Эдуард распорядился не будить его. Сказал, что сам позвонит в звонок, когда будет готов к завтраку. Эту ночь он провел на балу, продлившемся почти до утра. А потом провожал выступившую там профессиональную танцовщицу — создание на редкость соблазнительное и отлично знающее, чем привлечь мужчину. Одним словом, маленькую бесстыдную распутницу. Утром он рассчитывал отоспаться, а потом заехать к Аделаиде, с которой не виделся уже почти неделю.

Проснулся юноша от того, что кто-то тряс его за плечо. Провались он пропадом, кто бы это ни был! Разве он не отдал распоряжение не беспокоить? Эдуард окончательно пробудился, чертыхаясь, как солдат в казарме.

— Сэр… сэр… — продолжал тормошить его слуга.

— Ну что там еще? Выкладывай, раз уж разбудил.

— Сэр, там внизу женщина. Она сказала, что не уйдет, пока не увидится с вами…

Женщина? Он пытался сообразить. Кто такая? Может, та, с которой он был вчера ночью? Нет, она бы не осмелилась. И потом его вдруг осенило…

Вскочив с постели, он схватил протянутый слугой халат и торопливо спросил:

— Имя женщины!

— Она не назвала его, сэр.

Ну да, конечно, она не назвала бы его. Если бы Аделаида прислала с кем-то весточку, она проявила бы даже большую осторожность, чем обычно. Особенно если хотела сообщить о том, чего он так ждал… что ребенок наконец появился на свет.

Принц вошел в комнату для завтрака, навстречу ему поднялась женщина. Она откинула с лица черную вуаль, и Эдуард узнал Викторию, сестру Аделаиды. Его тотчас охватил страх. Заботливо усадив Викторию на стул, принц прошептал:

— Расскажите мне, как… как это произошло?

— Вчера весь день у нее были схватки. Ребенок родился этой ночью. Схватки были очень болезненными, они наступили раньше, чем мы ожидали, но Аделаида держалась молодцом. А потом началось сильное кровотечение… и прежде чем мы успели осознать всю опасность, бедняжка умерла…
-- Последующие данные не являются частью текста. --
(* For every integer $n\ge 0$, $$l_{3n}(1,2,-1,q)\,[3n+1]=(-1)^n q^{\frac{n(3n-1)}{2}}[n+1],$$ $$l_{3n+1}(1,2,-1,q)\,[3n+2]=(-1)^n q^{\frac{n(3n+1)}{2}}[n+1]\,(1+q^{n+1}),$$ $$l_{3n+2}(1,2,-1,q)\,[3n+3]=(-1)^n q^{\frac{3n^2+5n+4}{2}}[n+1].$$
   Context: $q$ is an indeterminate; $[n]=\frac{1-q^n}{1-q}$, $[n]!=[1]\cdots[n]$, $[0]!=1$. For an integer $m\ge0$, $$l_n(x,m,s,q)=\sum_{k=0}^{\lfloor n/2\rfloor}s^k q^{\binom k2}\frac{[n]!}{[k]!\,[n-2k]!}\,\frac{[m+n-k-1]!}{[m+n-1]!}\,x^{n-2k}\quad (n\ge1),\qquad l_0(x,m,s,q)=1.$$ *)

(* The indeterminate q is modelled as the element 'X of the
   field of rational functions {fraction {poly rat}}. *)
From HB Require Import structures.
From mathcomp Require Import all_boot all_order all_algebra fraction.
Set Implicit Arguments. Unset Strict Implicit. Unset Printing Implicit Defensive.
Import Order.TTheory GRing.Theory Num.Theory.
Local Open Scope ring_scope.


Definition RF := {fraction {poly rat}}.
Definition qX : RF := @FracField.tofrac _ 'X.

Definition qint (F : fieldType) (q : F) (n : nat) : F := (1 - q ^+ n) / (1 - q).
Definition qfact (F : fieldType) (q : F) (n : nat) : F :=
  \prod_(i < n) qint q i.+1.

Definition lpoly (F : fieldType) (n : nat) (x : F) (m : nat) (s q : F) : F :=
  if n == 0%N then 1 else
  \sum_(k < n./2.+1)
     s ^+ k * q ^+ 'C(k, 2) * (qfact q n / (qfact q k * qfact q (n - 2 * k)))
     * (qfact q (m + n - k - 1) / qfact q (m + n - 1)) * x ^+ (n - 2 * k).

From HB Require Import structures.
From mathcomp Require Import all_boot all_order all_algebra fraction.
From mathcomp Require Import ring zify.
Set Implicit Arguments. Unset Strict Implicit. Unset Printing Implicit Defensive.
Import Order.TTheory GRing.Theory Num.Theory.
Local Open Scope ring_scope.

(* Multiplying by [n+1] turns the factorial quotients of l_n(1,2,-1,q) into
   Gaussian binomials, and since (1-q)[n+1-k] = 1 - q * q^(n-k),
   (1-q) l_n [n+1] = F_n - q K_n with the q-Fibonacci sums
   F_n = sum_k (-1)^k q^C(k,2) [n-k choose k] and K_n the same sum weighted
   by q^(n-k).  The two q-Pascal rules give F_(n+2) = F_(n+1) - K_n and
   K_(n+2) = q^(n+2) F_(n+1) - q^(n+1) F_n, hence a four-term recurrence for
   F whose solution has period 3 up to sign and a power of q, with
   F_(3m+2) = 0.  The closed forms of l_n follow by substitution. *)

Section QFibonacci.

Variables (F : fieldType) (q : F).
Hypothesis qpow_neq1 : forall j, (0 < j)%N -> q ^+ j != 1.

Lemma qint_add a b : qint q (a + b) = qint q a + q ^+ a * qint q b.
Proof. by rewrite /qint exprD; ring. Qed.

Lemma subr1q_neq0 : 1 - q != 0.
Proof. by rewrite subr_eq0 eq_sym -[q]expr1 qpow_neq1. Qed.

Lemma qint1 : qint q 1 = 1.
Proof. by rewrite /qint expr1 divff // subr1q_neq0. Qed.

Lemma qint_neq0 i : (0 < i)%N -> qint q i != 0.
Proof.
move=> i_gt0; rewrite /qint mulf_neq0 ?invr_eq0 ?subr1q_neq0 //.
by rewrite subr_eq0 eq_sym qpow_neq1.
Qed.

Lemma qfact0 : qfact q 0 = 1.
Proof. by rewrite /qfact big_ord0. Qed.

Lemma qfactS n : qfact q n.+1 = qfact q n * qint q n.+1.
Proof. by rewrite /qfact big_ord_recr. Qed.

Lemma qfact_neq0 n : qfact q n != 0.
Proof.
elim: n => [|n IHn]; first by rewrite qfact0 oner_neq0.
by rewrite qfactS mulf_neq0 // qint_neq0.
Qed.

Fixpoint qbinom (m k : nat) : F :=
  match m, k with
  | 0, 0 => 1
  | 0, _.+1 => 0
  | _.+1, 0 => 1
  | m'.+1, k'.+1 => q ^+ (m' - k') * qbinom m' k' + qbinom m' k'.+1
  end.

Lemma qbinom_small m k : (m < k)%N -> qbinom m k = 0.
Proof.
elim: m k => [|m IHm] [|k] //= lt_mk.
by rewrite !IHm ?mulr0 ?addr0 //; lia.
Qed.

Lemma qbinomn0 m : qbinom m 0 = 1.
Proof. by case: m. Qed.

Lemma qbinom_qfact i j :
  qbinom (i + j) i * (qfact q i * qfact q j) = qfact q (i + j).
Proof.
elim: i j => [|i IHi] j; first by rewrite qbinomn0 qfact0 !mul1r.
elim: j => [|j IHj].
  rewrite !addn0 /= subnn expr0 mul1r (@qbinom_small i i.+1) // addr0 qfact0 !qfactS.
  have := IHi 0%N; rewrite !addn0 qfact0 mulr1 => IHi0.
  by rewrite -[in RHS]IHi0; ring.
have := IHi j.+1; rewrite addnS in IHj * => IHij.
rewrite /= addKn [in RHS]addSn addnS (qfactS (i + j).+1).
rewrite (_ : ((i + j).+2 = j.+1 + i.+1)%N) ?qint_add; last by lia.
by rewrite mulrDr -{1}IHj -IHij !qfactS; ring.
Qed.

Lemma qbinomE i j : qbinom (i + j) i = qfact q (i + j) / (qfact q i * qfact q j).
Proof. by rewrite -qbinom_qfact mulfK // mulf_neq0 ?qfact_neq0. Qed.

Lemma qbinomSS m k :
  qbinom m.+1 k.+1 = q ^+ k.+1 * qbinom m k.+1 + qbinom m k.
Proof.
case: (ltngtP k m) => [lt_km | lt_mk | <-]; last first.
- by rewrite /= subnn expr0 mul1r !(@qbinom_small k k.+1) // mulr0 add0r addr0.
- by rewrite !qbinom_small ?mulr0 ?addr0 // ltnW.
have [j ->] : exists j, m = (k.+1 + j)%N by exists (m - k.+1)%N; lia.
apply: (@mulIf _ (qfact q k.+1 * qfact q j.+1)); first by rewrite mulf_neq0 ?qfact_neq0.
rewrite -addnS qbinom_qfact addnS qfactS -addnS qint_add mulrDr.
rewrite addSnnS -{1}(qbinom_qfact k j.+1) -addSnnS -(qbinom_qfact k.+1 j) !qfactS.
ring.
Qed.

Definition qfib_term n k : F := (-1) ^+ k * q ^+ 'C(k, 2) * qbinom (n - k) k.
Definition qfib n : F := \sum_(0 <= k < n.+1) qfib_term n k.
Definition qfib_shift n : F := \sum_(0 <= k < n.+1) q ^+ (n - k) * qfib_term n k.

Lemma qfib_term_n0 n : qfib_term n 0 = 1.
Proof. by rewrite /qfib_term subn0 qbinomn0 bin0n !expr0 !mulr1. Qed.

Lemma qfib_term_nn n : qfib_term n.+1 n.+1 = 0.
Proof. by rewrite /qfib_term subnn qbinom_small // mulr0. Qed.

Lemma qfib_term_eq0 n k : (n < k + k)%N -> qfib_term n k = 0.
Proof. by move=> lt_n_kk; rewrite /qfib_term qbinom_small ?mulr0 //; lia. Qed.

Lemma qfib_termSS n k : (k <= n)%N ->
  qfib_term n.+2 k.+1 = qfib_term n.+1 k.+1 - q ^+ (n - k) * qfib_term n k.
Proof.
move=> le_kn; rewrite /qfib_term !subSS subSn //= binS bin1 exprD !exprS.
case: (leqP k (n - k)) => [le_k_nk | lt_nk_k]; last first.
  by rewrite qbinom_small //; ring.
have -> : q ^+ (n - k) = q ^+ (n - k - k) * q ^+ k by rewrite -exprD subnK.
ring.
Qed.

Lemma qfib_shift_termSS n k : (k <= n)%N ->
  q ^+ (n.+2 - k.+1) * qfib_term n.+2 k.+1
  = q ^+ n.+2 * qfib_term n.+1 k.+1 - q ^+ n.+1 * qfib_term n k.
Proof.
move=> le_kn; rewrite /qfib_term !subSS subSn // qbinomSS binS bin1 (exprS q n.+1).
have -> : q ^+ n.+1 = q ^+ k * q ^+ (n - k).+1 by rewrite -exprD addnS subnKC.
by rewrite !exprS exprD; ring.
Qed.

Lemma qfibSS n : qfib n.+2 = qfib n.+1 - qfib_shift n.
Proof.
rewrite /qfib big_nat_recl // big_nat_recr //= qfib_term_nn addr0.
rewrite [in RHS]big_nat_recl // !qfib_term_n0 -addrA /qfib_shift -sumrB.
by congr (_ + _); apply: eq_big_nat => k /andP[_ lt_kn]; rewrite qfib_termSS.
Qed.

Lemma qfib_shift_qfib n : qfib_shift n = qfib n.+1 - qfib n.+2.
Proof. by rewrite qfibSS; ring. Qed.

Lemma qfib_shiftSS n :
  qfib_shift n.+2 = q ^+ n.+2 * qfib n.+1 - q ^+ n.+1 * qfib n.
Proof.
rewrite /qfib_shift /qfib big_nat_recl // big_nat_recr //= qfib_term_nn mulr0 addr0.
rewrite [in RHS]big_nat_recl // !qfib_term_n0 subn0 mulr1 mulrDr mulr1 -addrA.
rewrite !mulr_sumr -sumrB.
by congr (_ + _); apply: eq_big_nat => k /andP[_ lt_kn]; rewrite qfib_shift_termSS.
Qed.

Lemma qfib_rec n :
  qfib n.+4 = qfib n.+3 - q ^+ n.+2 * qfib n.+1 + q ^+ n.+1 * qfib n.
Proof. by rewrite qfibSS qfib_shiftSS; ring. Qed.

Lemma qfib0 : qfib 0 = 1.
Proof. by rewrite /qfib big_nat1 qfib_term_n0. Qed.

Lemma qfib1 : qfib 1 = 1.
Proof. by rewrite /qfib big_nat_recr //= big_nat1 qfib_term_n0 qfib_term_nn addr0. Qed.

Lemma qfib_shift0 : qfib_shift 0 = 1.
Proof. by rewrite /qfib_shift big_nat1 qfib_term_n0 mulr1. Qed.

Lemma qfib_shift1 : qfib_shift 1 = q.
Proof.
by rewrite /qfib_shift big_nat_recr //= big_nat1 qfib_term_n0 qfib_term_nn mulr0 addr0 mulr1.
Qed.

Lemma qfib_mod3 m :
  [/\ qfib (3 * m) = (-1) ^+ m * q ^+ (3 * 'C(m, 2) + m),
      qfib (3 * m).+1 = (-1) ^+ m * q ^+ (3 * 'C(m, 2) + 2 * m),
      qfib (3 * m).+2 = 0 &
      qfib (3 * m).+3 = (-1) ^+ m.+1 * q ^+ (3 * 'C(m.+1, 2) + m.+1)].
Proof.
elim: m => [|m [h0 h1 h2 h3]].
  by rewrite muln0 !qfibSS qfib1 qfib0 qfib_shift0 qfib_shift1; split; ring.
rewrite (_ : (3 * m.+1 = (3 * m).+3)%N); last by lia.
have h4 : qfib (3 * m).+4 = (-1) ^+ m.+1 * q ^+ (3 * 'C(m.+1, 2) + 2 * m.+1).
  rewrite qfib_rec h3 h1 h0 !(mulnC 3) !(mulnC 2) binS bin1.
  by rewrite !(exprS, exprD, exprM); ring.
have h5 : qfib (3 * m).+4.+1 = 0.
  rewrite qfib_rec h4 h2 h1 !(mulnC 3) !(mulnC 2) binS bin1.
  by rewrite !(exprS, exprD, exprM); ring.
split=> //; rewrite qfib_rec h5 h3 h2 !(mulnC 3) !binS !bin1 ?bin0.
by rewrite !(exprS, exprD, exprM); ring.
Qed.

Lemma lpoly_qint_sum n :
  lpoly n 1 2 (-1) q * qint q n.+1
  = \sum_(0 <= k < n./2.+1) qfib_term n k * qint q (n - k).+1.
Proof.
case: n => [|n]; first by rewrite /lpoly /= big_nat1 qfib_term_n0 qint1 mulr1.
rewrite /lpoly /= big_mkord mulr_suml; apply: eq_bigr => -[k /= lt_k_half] _.
rewrite /qfib_term.
have [j def_n] : exists j, n.+1 = (k + k + j)%N by exists (n.+1 - (k + k))%N; lia.
rewrite (_ : (2 + n.+1 - k - 1 = (k + j).+1)%N); last by lia.
rewrite (_ : (2 + n.+1 - 1 = n.+2)%N); last by lia.
rewrite (_ : (n.+1 - 2 * k = j)%N); last by lia.
rewrite (_ : (n.+1 - k = k + j)%N); last by lia.
rewrite qbinomE expr1n mulr1 (qfactS (k + j)) (qfactS n.+1).
by field; rewrite !qfact_neq0 qint_neq0.
Qed.

Lemma lpoly_qfib n :
  (1 - q) * (lpoly n 1 2 (-1) q * qint q n.+1) = qfib n - q * qfib_shift n.
Proof.
rewrite lpoly_qint_sum mulr_sumr /qfib /qfib_shift mulr_sumr -sumrB.
rewrite [in RHS](@big_cat_nat _ _ _ n./2.+1) //=; last by lia.
rewrite [X in _ = _ + X]big_nat_cond [X in _ = _ + X]big1 ?addr0.
  by apply: eq_big_nat => k _; rewrite /qint exprS; field; rewrite subr1q_neq0.
move=> k /andP[/andP[le_half_k _] _].
by rewrite qfib_term_eq0 ?mulr0 ?subrr //; lia.
Qed.

Lemma lpoly_mod3 m :
  [/\ lpoly (3 * m) 1 2 (-1) q * qint q (3 * m).+1
        = (-1) ^+ m * q ^+ (3 * 'C(m, 2) + m) * qint q m.+1,
      lpoly (3 * m).+1 1 2 (-1) q * qint q (3 * m).+2
        = (-1) ^+ m * q ^+ (3 * 'C(m, 2) + 2 * m) * qint q m.+1 * (1 + q ^+ m.+1)
    & lpoly (3 * m).+2 1 2 (-1) q * qint q (3 * m).+3
        = (-1) ^+ m * q ^+ (3 * 'C(m, 2) + 4 * m + 2) * qint q m.+1].
Proof.
have [h0 h1 h2 h3] := qfib_mod3 m; have [_ h4 _ _] := qfib_mod3 m.+1.
rewrite (_ : (3 * m.+1 = (3 * m).+3)%N) in h4; last by lia.
split; apply: (mulfI subr1q_neq0); rewrite lpoly_qfib qfib_shift_qfib.
- by rewrite h0 h1 h2 /qint !(mulnC 3) !(mulnC 2) !(exprS, exprD, exprM); field; rewrite subr1q_neq0.
- rewrite h1 h2 h3 /qint !(mulnC 3) !(mulnC 2) !binS !bin1 ?bin0.
  by rewrite !(exprS, exprD, exprM); field; rewrite subr1q_neq0.
rewrite h2 h3 h4 /qint !(mulnC 3) !(mulnC 2) !(mulnC 4) !binS !bin1 ?bin0.
by rewrite !(exprS, exprD, exprM); field; rewrite subr1q_neq0.
Qed.

End QFibonacci.

Lemma qX_pow_neq1 j : (0 < j)%N -> qX ^+ j != 1.
Proof.
move=> j_gt0; rewrite /qX -tofracXn -tofrac1 tofrac_eq.
apply: contraTneq j_gt0 => /(congr1 (fun p : {poly rat} => size p)).
by rewrite size_polyXn size_poly1 => -[->].
Qed.

Lemma mul2_bin2 n : (2 * 'C(n, 2) = n * n.-1)%N.
Proof. by elim: n => [|n IHn] //; rewrite binS bin1 mulnDr IHn; case: n {IHn} => //= n; nia. Qed.

Theorem mainTheorem11 (n : nat) :
  [/\ lpoly (3 * n) 1 2 (-1) qX * qint qX (3 * n).+1
        = (-1) ^+ n * qX ^+ ((n * (3 * n - 1)) %/ 2) * qint qX n.+1,
      lpoly (3 * n).+1 1 2 (-1) qX * qint qX (3 * n).+2
        = (-1) ^+ n * qX ^+ ((n * (3 * n + 1)) %/ 2) * qint qX n.+1
          * (1 + qX ^+ n.+1)
    & lpoly (3 * n).+2 1 2 (-1) qX * qint qX (3 * n).+3
        = (-1) ^+ n * qX ^+ ((3 * n ^ 2 + 5 * n + 4) %/ 2) * qint qX n.+1].
Proof.
have [l0 l1 l2] := lpoly_mod3 qX_pow_neq1 n.
have C2 := mul2_bin2 n.
have halfE k : (2 * k %/ 2 = k)%N by rewrite mulKn.
rewrite (_ : (n * (3 * n - 1) = 2 * (3 * 'C(n, 2) + n))%N); last by nia.
rewrite (_ : (n * (3 * n + 1) = 2 * (3 * 'C(n, 2) + 2 * n))%N); last by nia.
rewrite (_ : (3 * n ^ 2 + 5 * n + 4 = 2 * (3 * 'C(n, 2) + 4 * n + 2))%N); last by nia.
by rewrite !halfE; split.
Qed.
Теперь, доставив горькую весть, Виктория смогла наконец дать волю слезам. Эдуард тоже был настолько подавлен новостью, что смог лишь с трудом вымолвить:

— Моя бедная маленькая Аделаида!.. — Потом, словно вдруг вспомнив, он спросил: — А ребенок?

— Девочка… Хорошенькая крепенькая малютка.

Он позвонил в звонок и распорядился принести в комнату кофе и «что-нибудь освежающее для дамы, что она попросит», а также велел в течение получаса приготовить экипаж.